╭──

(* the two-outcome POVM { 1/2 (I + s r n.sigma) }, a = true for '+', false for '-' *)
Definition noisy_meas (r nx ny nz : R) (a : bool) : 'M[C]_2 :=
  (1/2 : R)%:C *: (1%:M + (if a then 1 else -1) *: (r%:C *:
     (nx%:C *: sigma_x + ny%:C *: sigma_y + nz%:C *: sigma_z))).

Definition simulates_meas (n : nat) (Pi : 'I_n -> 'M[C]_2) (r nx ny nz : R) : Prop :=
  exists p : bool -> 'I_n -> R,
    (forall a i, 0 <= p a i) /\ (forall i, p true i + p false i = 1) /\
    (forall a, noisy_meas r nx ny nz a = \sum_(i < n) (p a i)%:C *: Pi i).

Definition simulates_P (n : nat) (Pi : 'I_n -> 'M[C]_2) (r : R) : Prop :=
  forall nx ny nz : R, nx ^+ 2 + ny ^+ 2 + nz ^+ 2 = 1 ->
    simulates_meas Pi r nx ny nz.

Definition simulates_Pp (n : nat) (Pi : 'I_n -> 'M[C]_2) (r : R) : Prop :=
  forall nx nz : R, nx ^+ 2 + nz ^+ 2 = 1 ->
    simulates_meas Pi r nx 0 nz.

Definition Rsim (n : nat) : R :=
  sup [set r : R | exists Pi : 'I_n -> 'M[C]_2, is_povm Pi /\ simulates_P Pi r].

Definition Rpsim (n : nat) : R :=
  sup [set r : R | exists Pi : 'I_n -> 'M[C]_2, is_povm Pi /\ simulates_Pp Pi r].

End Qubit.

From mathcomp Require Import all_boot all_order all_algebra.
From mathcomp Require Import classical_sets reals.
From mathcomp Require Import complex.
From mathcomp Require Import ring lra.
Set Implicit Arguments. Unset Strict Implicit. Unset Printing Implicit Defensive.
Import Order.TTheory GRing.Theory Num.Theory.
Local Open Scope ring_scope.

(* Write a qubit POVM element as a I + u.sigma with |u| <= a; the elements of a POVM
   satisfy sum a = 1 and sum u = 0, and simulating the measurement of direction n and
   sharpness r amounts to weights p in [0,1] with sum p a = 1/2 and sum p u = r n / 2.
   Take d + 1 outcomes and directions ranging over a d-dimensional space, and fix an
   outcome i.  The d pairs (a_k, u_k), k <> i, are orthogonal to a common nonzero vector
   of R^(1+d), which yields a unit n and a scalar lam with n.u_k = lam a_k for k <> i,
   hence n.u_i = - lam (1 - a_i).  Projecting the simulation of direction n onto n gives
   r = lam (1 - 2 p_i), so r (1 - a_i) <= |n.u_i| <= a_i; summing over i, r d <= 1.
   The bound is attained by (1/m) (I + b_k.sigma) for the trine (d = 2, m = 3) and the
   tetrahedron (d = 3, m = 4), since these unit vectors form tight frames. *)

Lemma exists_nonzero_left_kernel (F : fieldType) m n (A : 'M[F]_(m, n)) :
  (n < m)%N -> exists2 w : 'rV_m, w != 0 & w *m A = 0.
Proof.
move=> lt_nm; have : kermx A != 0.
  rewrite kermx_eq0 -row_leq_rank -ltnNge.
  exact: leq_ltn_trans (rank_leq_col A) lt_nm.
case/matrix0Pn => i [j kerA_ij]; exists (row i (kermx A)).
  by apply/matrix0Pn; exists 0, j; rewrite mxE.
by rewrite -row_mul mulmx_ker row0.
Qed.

╰──

Track down all lines above with the string "over" and copy them.

● **Task solution**:
   Take d + 1 outcomes and directions ranging over a d-dimensional space, and fix an
   r = lam (1 - 2 p_i), so r (1 - a_i) <= |n.u_i| <= a_i; summing over i, r d <= 1.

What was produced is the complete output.